Seguridad y peligros del aceite de coco

El aceite de coco es una sustancia que posee una variedad de aplicaciones culinarias, cosméticas y para la salud. Ya que las autoridades de la salud advierten contra el consumo de grasas trans y de grasas en general, han aumentado la controversia y la confusión en cuanto a la seguridad de incluir aceite de coco como parte de una dieta saludable. Aunque se deben tomar algunas precauciones cuando se manipula y consume el aceite de coco, por lo general éste es considerado un alimento saludable si se consume con moderación.

Limpia las salpicaduras rápidamente

El aceite de coco tiene varios usos, desde hidratante para el cabello y la piel hasta para cocinar. Es invisible sobre las superficies y muy resbaloso, por lo que las salpicaduras se deben limpiar rápidamente para evitar resbalones y caídas. No se recomienda el uso de ningún aceite en la ducha.

Etiquetado como seguro por la FDA

La FDA ubica al aceite de coco en la categoría Generally Regarded As Safe y, de acuerdo a Materials Safety Data Sheet, o MSDS para el aceite de coco, es considerado no tóxico pero potencialmente podría irritar los ojos de forma moderada cuando toma contacto con ellos.

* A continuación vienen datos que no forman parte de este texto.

(* Let $N\cong\mathbb{Z}^3$ and let $P$ be a minimal Fano polytope in $N_\mathbb{R}$ which contains two triangles $T_1,T_2$, whose vertices are vertices of $P$, lying in distinct two-dimensional linear subspaces $L_1\ne L_2$, such that $T_1$ is equivalent (under an isomorphism of lattices $\mathbb{Z}^2\to N\cap L_1$) to $\mathrm{conv}\{(1,0),(0,1),(-1,-1)\}$ and $T_2$ is equivalent (under an isomorphism $\mathbb{Z}^2\to N\cap L_2$) to $\mathrm{conv}\{(1,0),(0,1),(-2,-1)\}$. Then, up to the action of $GL(3,\mathbb{Z})$, $P$ is the convex hull of the columns of $$\begin{pmatrix}1&0&0&-2&-1\\0&1&0&-1&0\\0&0&1&0&-1\end{pmatrix}.$$
   Context: A Fano polytope is a three-dimensional convex polytope $P\subset N_\mathbb{R}$ with vertices in $N$ such that the origin is the only lattice point in the interior of $P$. It is minimal if, for every vertex $\rho$ of $P$, the polytope $\mathrm{conv}((P\cap N)\setminus\{\rho\})$ is not a Fano polytope. Polytopes are identified up to $GL(3,\mathbb{Z})$ (after choosing a basis of $N$). *)

From HB Require Import structures.
From mathcomp Require Import all_boot all_order all_algebra.
From mathcomp Require Import reals.
Set Implicit Arguments. Unset Strict Implicit. Unset Printing Implicit Defensive.
Import Order.TTheory GRing.Theory Num.Theory.
Local Open Scope ring_scope.

Definition lat {R : realType} (v : 'cV[int]_3) : 'cV[R]_3 :=
  map_mx (fun z : int => z%:~R) v.

Definition vec3 (a b c : int) : 'cV[int]_3 := \col_i (nth 0 [:: a; b; c] i).

Definition conv {R : realType} (A : 'cV[R]_3 -> Prop) (x : 'cV[R]_3) : Prop :=
  exists (n : nat) (p : 'I_n -> 'cV[R]_3) (w : 'I_n -> R),
    (forall i, A (p i)) /\ (forall i, 0 <= w i) /\
    \sum_(i < n) w i = 1 /\ x = \sum_(i < n) w i *: p i.

(* Topological interior in R^3 (sup-norm balls; same topology as Euclidean). *)
Definition interior3 {R : realType} (P : 'cV[R]_3 -> Prop) (x : 'cV[R]_3) : Prop :=
  exists e : R, 0 < e /\
    forall y : 'cV[R]_3, (forall i, `|y i 0 - x i 0| < e) -> P y.

Definition is_vertex {R : realType} (P : 'cV[R]_3 -> Prop) (x : 'cV[R]_3) : Prop :=
  P x /\ forall (y z : 'cV[R]_3) (t : R), P y -> P z -> 0 < t -> t < 1 ->
    x = t *: y + (1 - t) *: z -> y = z.

Definition lattice_polytope {R : realType} (P : 'cV[R]_3 -> Prop) : Prop :=
  exists s : seq 'cV[int]_3,
    forall x, P x <-> conv (fun y => exists2 v, v \in s & y = lat v) x.

(* Fano polytope: lattice polytope whose only interior lattice point is the
   origin (which forces P to be three-dimensional). *)
Definition fano {R : realType} (P : 'cV[R]_3 -> Prop) : Prop :=
  lattice_polytope P /\
  forall v : 'cV[int]_3, interior3 P (lat v) <-> v = 0.

Definition lattice_pts {R : realType} (P : 'cV[R]_3 -> Prop) (y : 'cV[R]_3) : Prop :=
  P y /\ exists v : 'cV[int]_3, y = lat v.

Definition minimal_fano {R : realType} (P : 'cV[R]_3 -> Prop) : Prop :=
  fano P /\
  forall rho, is_vertex P rho ->
    ~ fano (conv (fun y => lattice_pts P y /\ y <> rho)).

Definition span2 {R : realType} (u w : 'cV[R]_3) (x : 'cV[R]_3) : Prop :=
  exists a b : R, x = a *: u + b *: w.

(* (u, w) is a Z-basis of N ∩ L, where L = span_R(u, w) is a 2-dim linear
   subspace; i.e. e1 |-> u, e2 |-> w is a lattice isomorphism Z^2 -> N ∩ L. *)
Definition plane_lattice_basis (R : realType) (u w : 'cV[int]_3) : Prop :=
  (forall a b : R, a *: lat u + b *: lat w = 0 -> a = 0 /\ b = 0) /\
  (forall x : 'cV[int]_3, span2 (lat u) (lat w) (lat x : 'cV[R]_3) ->
     exists m n : int, x = m *: u + n *: w).

Definition GL3Z_equiv {R : realType} (P Q : 'cV[R]_3 -> Prop) : Prop :=
  exists A : 'M[int]_3, A \in unitmx /\
    forall x, P x <-> exists y, Q y /\ x = map_mx (fun z : int => z%:~R) A *m y.

Definition P0_cols : seq 'cV[int]_3 :=
  [:: vec3 1 0 0; vec3 0 1 0; vec3 0 0 1; vec3 (-2) (-1) 0; vec3 (-1) 0 (-1)].

Definition P0 {R : realType} : 'cV[R]_3 -> Prop :=
  conv (fun y => exists2 v, v \in P0_cols & y = lat v).

(** The basic tool is an interior criterion: if a convex set contains m ± u,
    m ± w and two points strictly on opposite sides of the plane
    m + span(u, w), then it contains a ball around m.  Both triangles are
    balanced around 0: T1 contains ±a/2, ±b/2 and T2, together with the
    midpoint -d of its last two vertices, contains ±d, ±(d+e)/2.  Hence, if v is
    a vertex of P outside T_i, the lattice points of P other than v cannot lie
    strictly on both sides of L_i, for otherwise 0 would stay interior after
    deleting v, contradicting minimality.  Applied to the vertices of T2 and
    T1 in turn, this shows that d is a vertex of T1, that every lattice point
    of P other than e, -2d-e lies in L1, and every lattice point other than
    the two remaining vertices b, -d-b of T1 lies in L2; the lattice points of
    P are then the five vertices, -d and 0.  Lastly det(d, e, b) = ±1, since
    for a larger index K some X d + Y e ± g, with g completing (d, e) to a
    basis, would be a lattice point of P outside L2 other than b and -d-b. *)
From HB Require Import structures.
From mathcomp Require Import all_boot all_order all_algebra.
From mathcomp Require Import reals boolp.
From mathcomp Require Import ring lra zify.
Import Order.TTheory GRing.Theory Num.Theory.
Local Open Scope ring_scope.
Set Implicit Arguments. Unset Strict Implicit. Unset Printing Implicit Defensive.

Section ConvexHull.
Variable R : realType.
Implicit Types (S C : 'cV[R]_3 -> Prop).

Definition convex C := forall x y (t : R), C x -> C y -> 0 <= t -> t <= 1 ->
  C (t *: x + (1 - t) *: y).

Lemma sub_conv S x : S x -> conv S x.
Proof.
move=> Sx; exists 1%N, (fun _ => x), (fun _ => 1); split=> //; split=> [_|].
  exact: ler01.
by rewrite !big_ord1 scale1r.
Qed.

Lemma conv_mono S S' : (forall x, S x -> S' x) -> forall x, conv S x -> conv S' x.
Proof.
move=> SS' x [n [p [w [Sp [w0 [w1 ->]]]]]]; exists n, p, w; split=> //.
by move=> i; apply: SS'.
Qed.

Lemma conv_convex S : convex (conv S).
Proof.
move=> x y t [n [p [w [Sp [w0 [w1 ->]]]]]] [m [p' [w' [Sp' [w0' [w1' ->]]]]]] t0 t1.
exists (n + m)%N, (fun k => match split k with inl i => p i | inr j => p' j end),
  (fun k => match split k with inl i => t * w i | inr j => (1 - t) * w' j end).
split; first by move=> k; case: split.
split; first by move=> k; case: split => i; apply: mulr_ge0 => //; rewrite subr_ge0.
rewrite !big_split_ord /=.
have splitl i : split (lshift m i) = inl i.
  by rewrite -[lshift m i]/(unsplit (inl i)) unsplitK.
have splitr j : split (rshift n j) = inr j.
  by rewrite -[rshift n j]/(unsplit (inr j)) unsplitK.
split.
  under eq_bigr do rewrite splitl. under [X in _ + X]eq_bigr do rewrite splitr.
  by rewrite -!mulr_sumr w1 w1' !mulr1 addrC subrK.
apply/esym; under eq_bigr do rewrite splitl. under [X in _ + X]eq_bigr do rewrite splitr.
by rewrite !scaler_sumr; congr (_ + _); apply: eq_bigr => i _; rewrite scalerA.
Qed.

Lemma conv_sub_convex C S : convex C -> (forall x, S x -> C x) ->
  forall x, conv S x -> C x.
Proof.
move=> Cc SC x [n [p [w [Sp [w0 [w1 ->]]]]]].
elim: n p w Sp w0 w1 => [|n IH] p w Sp w0 w1.
  by move: w1; rewrite big_ord0 => /eqP; rewrite eq_sym oner_eq0.
rewrite big_ord_recr /=; rewrite big_ord_recr /= in w1.
set W := \sum_(i < n) w (widen_ord (leqnSn n) i) in w1 *.
have W0 : 0 <= W by apply: sumr_ge0 => i _.
have [/eqP WE|Wn] := boolP (W == 0).
  have wz i : w (widen_ord (leqnSn n) i) = 0.
    by move/eqP: WE; rewrite psumr_eq0 // => /allP /(_ i (mem_index_enum _)) /eqP.
  rewrite big1 ?add0r; last by move=> i _; rewrite wz scale0r.
  move: w1; rewrite WE add0r => ->; rewrite scale1r; exact/SC/Sp.
have Wp : 0 < W by rewrite lt_def Wn W0.
have -> : \sum_(i < n) w (widen_ord (leqnSn n) i) *: p (widen_ord (leqnSn n) i) =
   W *: \sum_(i < n) (w (widen_ord (leqnSn n) i) / W) *: p (widen_ord (leqnSn n) i).
  rewrite scaler_sumr; apply: eq_bigr => i _; rewrite scalerA; congr (_ *: _).
  by rewrite mulrCA divff ?mulr1 // gt_eqF.
have -> : w ord_max = 1 - W by rewrite -w1 addrC addrK.
apply: Cc => //; last 2 first.
- exact/SC/Sp.
- by rewrite -w1 lerDl.
apply: (IH (fun i => p (widen_ord (leqnSn n) i)) (fun i => w (widen_ord (leqnSn n) i) / W)).
- by move=> i; apply: Sp.
- by move=> i; apply: divr_ge0.
- by rewrite -mulr_suml divff // gt_eqF.
Qed.

Lemma convex_comb4 C (x1 x2 x3 x4 : 'cV[R]_3) (t1 t2 t3 t4 : R) : convex C ->
  C x1 -> C x2 -> C x3 -> C x4 -> 0 <= t1 -> 0 <= t2 -> 0 <= t3 -> 0 <= t4 ->
  t1 + t2 + t3 + t4 = 1 -> C (t1 *: x1 + t2 *: x2 + t3 *: x3 + t4 *: x4).
Proof.
move=> Cc C1 C2 C3 C4 t1_ge0 t2_ge0 t3_ge0 t4_ge0 sum1.
apply: (conv_sub_convex Cc (fun _ h => h)).
exists 4%N, (fun i : 'I_4 => nth x1 [:: x1; x2; x3; x4] i),
  (fun i : 'I_4 => nth t1 [:: t1; t2; t3; t4] i).
split; first by case=> [[|[|[|[|]]]]].
split; first by case=> [[|[|[|[|]]]]].
by rewrite !big_ord_recr !big_ord0 /= !add0r.
Qed.

Lemma convex_comb3 C (x1 x2 x3 : 'cV[R]_3) (t1 t2 t3 : R) : convex C ->
  C x1 -> C x2 -> C x3 -> 0 <= t1 -> 0 <= t2 -> 0 <= t3 ->
  t1 + t2 + t3 = 1 -> C (t1 *: x1 + t2 *: x2 + t3 *: x3).
Proof.
move=> Cc C1 C2 C3 t1_ge0 t2_ge0 t3_ge0.
have := convex_comb4 Cc C1 C2 C3 C1 t1_ge0 t2_ge0 t3_ge0 (lexx 0).
by rewrite addr0 scale0r addr0; apply.
Qed.

Lemma convex_comb2 C (x1 x2 : 'cV[R]_3) (t1 t2 : R) : convex C ->
  C x1 -> C x2 -> 0 <= t1 -> 0 <= t2 -> t1 + t2 = 1 -> C (t1 *: x1 + t2 *: x2).
Proof.
move=> Cc C1 C2 t1_ge0 t2_ge0.
have := convex_comb3 Cc C1 C2 C1 t1_ge0 t2_ge0 (lexx 0).
by rewrite addr0 scale0r addr0; apply.
Qed.

Lemma convex_mid C (x y : 'cV[R]_3) : convex C -> C x -> C y ->
  C (2^-1 *: x + 2^-1 *: y).
Proof.
move=> Cc Cx Cy; apply: convex_comb2 => //; try by rewrite invr_ge0 ler0n.
by field.
Qed.

End ConvexHull.

Definition i1 : 'I_3 := @Ordinal 3 1 isT.
Definition i2 : 'I_3 := @Ordinal 3 2 isT.

Lemma ord3_cases (i : 'I_3) : [\/ i = ord0, i = i1 | i = i2].
Proof.
case: i => [[|[|[|//]]]] Hi; [constructor 1|constructor 2|constructor 3];
  exact: val_inj.
Qed.

Lemma col3P (T : Type) (x y : 'cV[T]_3) :
  x ord0 ord0 = y ord0 ord0 -> x i1 ord0 = y i1 ord0 -> x i2 ord0 = y i2 ord0 -> x = y.
Proof.
move=> h0 h1 h2; apply/matrixP => i j; rewrite (ord1 j).
by case: (ord3_cases i) => ->.
Qed.

Ltac col3_ring := apply: col3P; rewrite ?mxE /=; ring.
Ltac col3_field := apply: col3P; rewrite ?mxE /=; field.

Definition det3 (T : comPzRingType) (x y z : 'cV[T]_3) : T :=
  x ord0 ord0 * (y i1 ord0 * z i2 ord0 - y i2 ord0 * z i1 ord0)
  - x i1 ord0 * (y ord0 ord0 * z i2 ord0 - y i2 ord0 * z ord0 ord0)
  + x i2 ord0 * (y ord0 ord0 * z i1 ord0 - y i1 ord0 * z ord0 ord0).

Lemma det3_cramer (T : comPzRingType) (a b c x : 'cV[T]_3) :
  det3 a b c *: x = det3 x b c *: a + det3 a x c *: b + det3 a b x *: c.
Proof. rewrite /det3; col3_ring. Qed.

Lemma det3C12 (T : comPzRingType) (a b c : 'cV[T]_3) : det3 a b c = - det3 b a c.
Proof. rewrite /det3; ring. Qed.

Lemma det3_cycle (T : comPzRingType) (a b c : 'cV[T]_3) : det3 a b c = det3 c a b.
Proof. rewrite /det3; ring. Qed.

Section LatticeEmbedding.
Variable R : realType.

Lemma latE (v : 'cV[int]_3) i j : (lat v : 'cV[R]_3) i j = (v i j)%:~R.
Proof. by rewrite /lat mxE. Qed.

Lemma latD (u v : 'cV[int]_3) : (lat (u + v) : 'cV[R]_3) = lat u + lat v.
Proof. by apply/matrixP => i j; rewrite !mxE intrD. Qed.

Lemma latN (u : 'cV[int]_3) : (lat (- u) : 'cV[R]_3) = - lat u.
Proof. by apply/matrixP => i j; rewrite !mxE intrN. Qed.

Lemma latB (u v : 'cV[int]_3) : (lat (u - v) : 'cV[R]_3) = lat u - lat v.
Proof. by rewrite latD latN. Qed.

Lemma latZ (k : int) (u : 'cV[int]_3) : (lat (k *: u) : 'cV[R]_3) = k%:~R *: lat u.
Proof. by apply/matrixP => i j; rewrite !mxE intrM. Qed.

No se han informado otras preocupaciones.

Evita el aceite hidrogenado

Cuando el aceite de coco es hidrogenado se convierte en una grasa trans, que es el tipo de grasa involucrada en la cardiopatía, ya que aumenta el colesterol LDL y dificulta la capacidad de tu cuerpo de utilizar el HDL, considerado el "colesterol bueno". El aceite de coco virgen sin procesar ni refinar no es hidrogenado, por lo que es la opción más segura de consumo.

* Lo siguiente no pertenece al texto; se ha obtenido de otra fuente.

Lemma sum_site_at (a b : nat) (Q : nat -> nat -> bool) :
  (\sum_(v : site) [&& (v.1 : nat) == a, (v.2 : nat) == b & Q v.1 v.2])%N
  = [&& a < L, b < L & Q a b]%N.
Proof.
case: (ltnP a L) => ha; case: (ltnP b L) => hb /=; last first.
- by rewrite big1 // => v _; rewrite (ltn_eqF (leq_trans (ltn_ord v.1) ha)).
- by rewrite big1 // => v _; rewrite (ltn_eqF (leq_trans (ltn_ord v.1) ha)).
- by rewrite big1 // => v _; rewrite (ltn_eqF (leq_trans (ltn_ord v.2) hb)) andbF.
rewrite (bigD1 (Ordinal ha, Ordinal hb)) //= !eqxx /= big1 ?addn0 // => -[i j] /= hne.
apply/eqP; rewrite eqb0; apply: contra hne => /and3P [/eqP hi /eqP hj _].
by rewrite xpair_eqE -!val_eqE /= hi hj !eqxx.
Qed.

Lemma indegE (v : site) : indeg v = ((0 < v.1) + (0 < v.2))%N.
Proof.
rewrite /indeg -sum1_card big_mkcond /=.
rewrite (eq_bigr (fun u : site => [&& (u.1 : nat) == v.1.-1, (u.2 : nat) == v.2 & 0 < v.1]
   + [&& (u.1 : nat) == v.1, (u.2 : nat) == v.2.-1 & 0 < v.2])%N) => [|u _]; last first.
  rewrite inE /edge.
  case: u v => [[c hc] [d hd]] [[a ha] [b hb]] /=.
  do !case: eqP => //=; lia.
rewrite big_split /= !(sum_site_at _ _ (fun _ _ => _)).
by rewrite !ltn_ord !(leq_ltn_trans (leq_pred _) (ltn_ord _)).
Qed.

Definition deg2_succs (s : seq site) (w : site) : nat :=
  (\sum_(v <- s) ((indeg v == 2) && edge w v))%N.

Lemma deg2_succs_sorted w :
  deg2_succs (sorted_sites L) w
  = ((w.1.+1 < L) && (0 < w.2) + (w.2.+1 < L) && (0 < w.1))%N.
Proof.
have hp : perm_eq (sorted_sites L) (enum {: site}) by rewrite perm_sort.
rewrite /deg2_succs (perm_big _ hp) big_enum /=.
rewrite (eq_bigr (fun v : site =>
   [&& (v.1 : nat) == w.1.+1, (v.2 : nat) == w.2 & (0 < v.1) && (0 < v.2)]
   + [&& (v.1 : nat) == w.1, (v.2 : nat) == w.2.+1 & (0 < v.1) && (0 < v.2)])%N)
   => [|v _]; last first.
  rewrite indegE /edge.
  case: v w => [[a ha] [b hb]] [[c hc] [d hd]] /=.
  do !case: eqP => //=; lia.
rewrite big_split /= !(sum_site_at _ _ (fun a b => (0 < a) && (0 < b))%N).
by rewrite !ltn_ord /= andbT.
Qed.

Lemma odd_deg2_succs_sorted w : (1 < L)%N ->
  odd (deg2_succs (sorted_sites L) w) = inB w.
Proof.
rewrite deg2_succs_sorted /inB; case: w => [[a ha] [b hb]] /= hL.
have -> : (a.+1 < L)%N = (a != L.-1) by apply/idP/idP; lia.
have -> : (b.+1 < L)%N = (b != L.-1) by apply/idP/idP; lia.
rewrite !lt0n.
by case: (a =P 0) => ?; case: (a =P L.-1) => ?; case: (b =P 0) => ?;
  case: (b =P L.-1) => ? //=; lia.
Qed.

Alternativa a los pesticidas y herbicidas

El aceite de coco ha sido utilizado como base de los productos naturales para control de malezas, y el gobierno de la ciudad de Auckland, Nueva Zelanda, informó que las personas que tienen sensibilidad a los químicos, que normalmente reaccionan negativamente a los herbicidas, no fueron molestados por este herbicida orgánico. El aceite de coco también es mentado como una alternativa natural a los productos más tóxicos para eliminar los piojos de la cabeza. Sofoca a los piojos y hace más difícil que se mantengan y sostengan en el tallo del cabello. Un estudio realizado por el Dr. Gerald Coles y colegas de la Bristol University y publicado en el Times de Londres, encontró que el uso de un champú a base de aceite de coco fue efectivo contra los piojos, combinado con el peine para eliminar liendres y piojos.

Lubricante sexual

Aunque el aceite de coco puede ser usado de manera segura como lubricante sexual, los aceites no se pueden usar junto con el látex, por lo que debes escoger otro lubricante si estás usando diafragmas o condones.

Moderaciones

Un estudio del año 1986 dirigido por T. B. Seaton y colegas, publicado en el "American Journal of Clinical Nutrition", demostró que la cadena media de ácidos grasos del aceite de coco era tres veces más efectiva para incrementar el metabolismo que los ácidos grasos de cadena larga presentes en la mayoría de los alimentos que consumimos, como los aceites vegetales y la carne. Un estudio de 1982 del mismo periódico, escrito por N. Baba y colaboradores, mostró que estos ácidos grasos no solo aumentan el metabolismo sino que además ayudan a quemar la grasa acumulada. Un estudio canadiense del 2002 realizado por Marie-Pierre St-Onge y Peter J. H. Jones y publicado en el "Journal of Nutrition" mostró que las personas comen menos y se sienten más satisfechos cuando incluyen aceite de coco en sus dietas. Debido a esta investigación, las personas han señalado al aceite de coco como herramienta para perder peso. No obstante, el aceite de coco es alto en calorías, más de 100 por cucharada, y es el 92 por ciento de grasas saturadas. Keri Gans, una dietista dertificada y portavoz de la American Dietetic Association afirma que "con moderación, está bien, pero en grandes cantidades sabemos que las grasas saturadas pueden llevar a un alto colesterol y cardiopatías. La moderación es la clave".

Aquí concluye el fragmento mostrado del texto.